Introduction

Chronic respiratory disease is a global health problem that brings heavy economic and health burdens to society1. The prevention and management of chronic respiratory diseases have become a great challenge. Spirometry is an important tool in the diagnosis, assessment, and management of chronic respiratory diseases2,3. However, the result of spirometry contains various parameters and may be complicated for some patients to understand. Spirometry-derived lung age (LA), a simplification of spirometry data, might be an alternative tool in the management of chronic respiratory diseases.

The concept of “lung age” was first proposed in 1985 to make spirometry data easier to understand and as a physiological instrument to evaluate the lung function damage caused by smoking4. A lung age older than the chronological age is considered an indication of the accelerated decline or impairment of lung function, and the difference between lung age and chronological age (i.e., ∆ lung age) is used to estimate the severity of this functional impairment. For example, if a 50-year-old man has a lung age of 60 years old, then his ∆ lung age is 10 years, indicating there may be an impairment of his lung function. A randomized controlled trial showed that telling smokers their lung age can improve the success rate of smoking cessation5. Lung age is also used as a clinical indicator in studies regarding physiological changes in individuals with morbid obesity6 and treatment efficacy in asthmatic patients7. However, it has not yet been widely used or fully exploited due to the doubt regarding the current lung age estimation methods8.

As a simplified lung function indicator, lung age was originally estimated by the backward calculation of the reference equation of spirometric parameter (usually the forced expiratory volume in 1 s [FEV1]) based on the assumption that the lung age of an individual equals the chronological age of a healthy nonsmoker who has the same FEV1 level as the individual (Morris et al.4, 1985; Hansen et al.9, 2010; Newbury et al.10, 2010). However, this estimation method may decrease the reliability of lung age, as it estimates lung age by using only one spirometric parameter11, whereas various spirometric parameters can reflect the functional changes of the lung during aging or in the context of disease. More importantly, lung age derived by this method is a mean value, not a normal range of the population. Neglecting the normal variability in lung function between individuals makes lung age unable to be correctly interpreted as normal or abnormal8. To overcome these problems, Yamaguchi et al.11,12 proposed the use of multiple linear regression to develop lung age estimation equations, with the chronological age of healthy nonsmokers as the dependent variable and spirometric parameters as well as height as explanatory variables. The limitation of this method is the assumption that the relationship between age and spirometric parameters can be approximated by a linear function11. Previous studies13 have revealed that the relationship between age and spirometric parameters is nonlinear over the full age range, indicating that nonlinear regression may be more suitable for depicting the relationship between lung age and spirometric parameters.

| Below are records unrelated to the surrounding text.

(* Let $X$ be a metric space, $\Omega\subset X$ non-empty, $E$ a non-trivial locally convex Hausdorff space over $\mathbb{K}$ and $\mathcal{FV}(\Omega)$ a dom-space such that $\mathcal{FV}(\Omega)\subset\mathcal{C}^{ext}(\Omega)$ as a linear subspace. If the map $\delta\colon\Omega\to\mathcal{FV}(\Omega)'_\kappa$, $x\mapsto\delta_x$, belongs to $\mathcal{C}^{ext}(\Omega,\mathcal{FV}(\Omega)'_\kappa)$, then $S(u)\in\mathcal{C}^{ext}(\Omega,E)$ for all $u\in\mathcal{FV}(\Omega)\varepsilon E$.
   Context: $\mathbb{K}\in\{\mathbb{R},\mathbb{C}\}$. For a topological vector space $Z$, $\mathcal{C}^{ext}(\Omega,Z)$ is the space of continuous $f\colon\Omega\to Z$ having a continuous extension to the closure $\overline{\Omega}$ of $\Omega$ in $X$; $\mathcal{C}^{ext}(\Omega):=\mathcal{C}^{ext}(\Omega,\mathbb{K})$. Framework: $J,M$ non-empty index sets, $(\omega_m)_{m\in M}$ non-empty sets, $\nu_{j,m}\colon\omega_m\to[0,\infty)$ such that for all $m$, $x\in\omega_m$ some $\nu_{j,m}(x)>0$; $\operatorname{AP}(\Omega)\subset\mathbb{K}^\Omega$ a linear subspace; $T_m\colon\operatorname{dom}T_m\to\mathbb{K}^{\omega_m}$ linear maps on linear subspaces of $\mathbb{K}^\Omega$; $\mathcal{FV}(\Omega):=\{f\in\operatorname{AP}(\Omega)\cap\bigcap_m\operatorname{dom}T_m: |f|_{j,m}:=\sup_{x\in\omega_m}|T_m(f)(x)|\nu_{j,m}(x)<\infty\ \forall j,m\}$ with these seminorms. It is a dom-space if it is Hausdorff, the seminorms are directed and every $\delta_x\colon f\mapsto f(x)$ belongs to $\mathcal{FV}(\Omega)'$. $\mathcal{FV}(\Omega)'_\kappa$: dual with the topology of uniform convergence on absolutely convex compact subsets of $\mathcal{FV}(\Omega)$. $\mathcal{FV}(\Omega)\varepsilon E$: continuous linear maps $\mathcal{FV}(\Omega)'_\kappa\to E$ with the topology of uniform convergence on equicontinuous sets; $S(u)(x):=u(\delta_x)$. *)

From HB Require Import structures.
From mathcomp Require Import all_boot all_order all_algebra.
From mathcomp Require Import all_classical all_reals all_analysis.
From mathcomp Require complex.
Import complex.ComplexField.


Import Order.TTheory GRing.Theory Num.Theory.
Import numFieldTopology.Exports.

Local Open Scope classical_set_scope.
Local Open Scope ring_scope.

(* Functions on Omega are functions on the type [Om] (later: the       *)
(* subtype [set_type A] of a metric space X).                          *)
Record fv_data (K : numFieldType) (Om : Type) := FVData {
  fv_J : Type;
  fv_M : Type;
  fv_om : fv_M -> Type;
  fv_nu : fv_J -> forall m : fv_M, fv_om m -> K;
  fv_AP : set (Om -> K);
  fv_dom : fv_M -> set (Om -> K);
  fv_T : forall m : fv_M, (Om -> K) -> fv_om m -> K }.

Arguments fv_J {K Om} _.
Arguments fv_M {K Om} _.
Arguments fv_om {K Om} _.
Arguments fv_nu {K Om} _.
Arguments fv_AP {K Om} _.
Arguments fv_dom {K Om} _.
Arguments fv_T {K Om} _.


Section FV.
Context {K : numFieldType} {Om : Type}.

Definition lin_subspace (S : set (Om -> K)) : Prop :=
  S (fun=> 0) /\
  forall (a : K) (f g : Om -> K), S f -> S g -> S (fun x => a * f x + g x).

Definition fv_hyp (D : fv_data K Om) : Prop :=
  inhabited (fv_J D) /\ inhabited (fv_M D) /\
  (forall m, inhabited (fv_om D m)) /\
  (forall j m x, 0 <= fv_nu D j m x) /\
  (forall m x, exists j, 0 < fv_nu D j m x) /\
  lin_subspace (fv_AP D) /\
  (forall m, lin_subspace (fv_dom D m)) /\
  (forall m (a : K) (f g : Om -> K), fv_dom D m f -> fv_dom D m g ->
     fv_T D m (fun x => a * f x + g x) =
     (fun y => a * fv_T D m f y + fv_T D m g y)).

(* [snle D f m j r] : |f|_{j,m} = sup_x |T_m(f)(x)| nu_{j,m}(x) <= r *)
Definition snle (D : fv_data K Om) (f : Om -> K) (m : fv_M D) (j : fv_J D)
  (r : K) : Prop :=
  forall x : fv_om D m, `|fv_T D m f x| * fv_nu D j m x <= r.

Definition inFV (D : fv_data K Om) (f : Om -> K) : Prop :=
  [/\ fv_AP D f, (forall m, fv_dom D m f) &
      (forall j m, exists r : K, snle D f m j r)].

Definition FVt (D : fv_data K Om) := {f : Om -> K | inFV D f}.
End FV.

HB.instance Definition _ (K : numFieldType) (Om : Type) (D : fv_data K Om) :=
  gen_eqMixin (FVt D).
HB.instance Definition _ (K : numFieldType) (Om : Type) (D : fv_data K Om) :=
  gen_choiceMixin (FVt D).

Section FVtop.
Context {K : numFieldType} {Om : Type} (D : fv_data K Om).

Definition sn_lt (j : fv_J D) (m : fv_M D) (f g : FVt D) (e : K) : Prop :=
  exists2 r : K, r < e & snle D (fun x => proj1_sig g x - proj1_sig f x) m j r.

Definition FV_subbase : set (set (FVt D)) :=
  [set B | exists (f : FVt D) (j : fv_J D) (m : fv_M D) (e : K),
      0 < e /\ B = [set g | sn_lt j m f g e]].
End FVtop.

HB.instance Definition _ (K : numFieldType) (Om : Type) (D : fv_data K Om) :=
  isSubBaseTopological.Build (FVt D) (@FV_subbase K Om D) id.

Section Dual.
Context {K : numFieldType} {Om : Type} (D : fv_data K Om).

Definition lin_functional (y : FVt D -> K) : Prop :=
  forall (a : K) (f g h : FVt D),
    (forall x, proj1_sig h x = a * proj1_sig f x + proj1_sig g x) ->
    y h = a * y f + y g.

Definition DualT := {y : FVt D -> K | lin_functional y /\ continuous y}.
End Dual.

HB.instance Definition _ (K : numFieldType) (Om : Type) (D : fv_data K Om) :=
  gen_eqMixin (DualT D).
HB.instance Definition _ (K : numFieldType) (Om : Type) (D : fv_data K Om) :=
  gen_choiceMixin (DualT D).

Section Kappa.
Context {K : numFieldType} {Om : Type} (D : fv_data K Om).

Definition abs_convex (C : set (FVt D)) : Prop :=
  forall (f g h : FVt D) (a b : K), C f -> C g -> `|a| + `|b| <= 1 ->
    (forall x, proj1_sig h x = a * proj1_sig f x + b * proj1_sig g x) -> C h.

Definition kappa_subbase : set (set (DualT D)) :=
  [set B | exists (y0 : DualT D) (C : set (FVt D)) (e : K),
     [/\ abs_convex C, compact C, 0 < e &
         B = [set y | exists2 r : K, r < e &
               forall f, C f -> `|proj1_sig y f - proj1_sig y0 f| <= r]]].
End Kappa.

HB.instance Definition _ (K : numFieldType) (Om : Type) (D : fv_data K Om) :=
  isSubBaseTopological.Build (DualT D) (@kappa_subbase K Om D) id.

Section DomSpace.
Context {K : numFieldType} {Om : Type} (D : fv_data K Om).

Definition directed_seminorms : Prop :=
  forall (j1 : fv_J D) (m1 : fv_M D) (j2 : fv_J D) (m2 : fv_M D),
  exists (j : fv_J D) (m : fv_M D) (C : K), 0 <= C /\
    forall (f : FVt D) (r : K), snle D (proj1_sig f) m j r ->
      snle D (proj1_sig f) m1 j1 (C * r) /\ snle D (proj1_sig f) m2 j2 (C * r).

Definition dom_space : Prop :=
  [/\ hausdorff_space (FVt D), directed_seminorms &
      forall x : Om, continuous (fun f : FVt D => proj1_sig f x)].

Definition eps_prod {E : tvsType K} (u : DualT D -> E) : Prop :=
  (forall (a : K) (y1 y2 y3 : DualT D),
     (forall f, proj1_sig y3 f = a * proj1_sig y1 f + proj1_sig y2 f) ->
     u y3 = a *: u y1 + u y2) /\ continuous u.
End DomSpace.

Definition Cext {X : topologicalType} (A : set X) {Z : topologicalType}
  (f : set_type A -> Z) : Prop :=
  continuous f /\
  exists g : X -> Z, {within closure A, continuous g} /\
                     forall x : set_type A, g (proj1_sig x) = f x.

Definition prop48_stmt (R : realType) (K : numFieldType) : Prop :=
  forall (X : metricType R) (A : set X), A !=set0 ->
  forall (E : tvsType K), hausdorff_space E -> (exists e : E, e != 0) ->
  forall (D : fv_data K (set_type A)), fv_hyp D -> dom_space D ->
  (forall f : FVt D, Cext A (proj1_sig f)) ->
  forall delta : set_type A -> DualT D,
    (forall x f, proj1_sig (delta x) f = proj1_sig f x) ->
    Cext A delta ->
  forall u : DualT D -> E, eps_prod D u ->
    Cext A (fun x => u (delta x)).

From HB Require Import structures.
From mathcomp Require Import all_boot all_order all_algebra.
From mathcomp Require Import all_classical all_reals all_analysis.
From mathcomp Require complex.
Import complex.ComplexField.

Lemma Cext_comp {X : topologicalType} (A : set X) {Y Z : topologicalType}
    (h : Y -> Z) (f : set_type A -> Y) :
  continuous h -> Cext A f -> Cext A (h \o f).
Proof.
move=> ch [cf [g [cg gf]]]; split.
  by move=> x; apply: continuous_comp; [exact: cf | exact: ch].
exists (h \o g); split; last by move=> x /=; rewrite gf.
move=> x.
exact: (@continuous_comp _ _ _ (from_subspace (closure A) g) h x (cg x) (ch _)).
Qed.

Lemma eps_prod_Cext (R : realType) (K : numFieldType) : prop48_stmt R K.
Proof.
move=> X A _ E _ _ D _ _ _ delta _ Cext_delta u [_ cu].
exact: Cext_comp cu Cext_delta.
Qed.

Theorem proposition4p8 :
  forall R : realType, prop48_stmt R R /\ prop48_stmt R (complex.complex R).
Proof. by move=> R; split; exact: eps_prod_Cext. Qed.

Considering the potential application value of lung age in the management of chronic respiratory diseases, this study aimed to develop new lung age estimation equations and hypothesized that nonlinear regression was a more appropriate method to build the equations. Furthermore, the lung age of patients with chronic obstructive pulmonary disease (COPD) and asthma was estimated to explore the clinical application of lung age in chronic respiratory diseases.

Results

Demographic characteristics

As shown in Fig. 1, 2931 healthy subjects were included in the modelling group, 478 healthy subjects were included in the validation group. The demographic characteristics and spirometric variables of the healthy subjects are presented in Table 1 and Supplementary Fig. 1. After propensity score matching (PSM), 280 patients with COPD (70 patients in each stage) and 70 COPD-matched healthy subjects were included in the analysis. As the number of stage IV asthmatic patients was limited, PSM was performed between stage I-III asthmatic patients and healthy subjects, and 285 asthmatic patients (78 patients in stage I–III, 51 patients in stage IV) and 78 asthma-matched healthy subjects were included in the analysis. The distributions of age, height and sex ratio were similar between the matched healthy subjects and patients with COPD or asthma (Tables 2 and 3).

Fig. 1: Study flow chart.
figure 1

The left panel displays the data inclusion and exclusion of healthy subjects in the modelling group, the right panel displays the data inclusion and exclusion of healthy subjects in the validation group and patients with COPD and asthma.

Table 1 Demographic characteristics and spirometric parameters (mean ± standard deviation) of healthy subjects.
Table 2 Demographic characteristics and spirometric parameters (mean ± standard deviation) of COPD patients and matched healthy subjects.
Table 3 Demographic characteristics and spirometric parameters (mean ± standard deviation) of asthmatic patients and matched healthy subjects.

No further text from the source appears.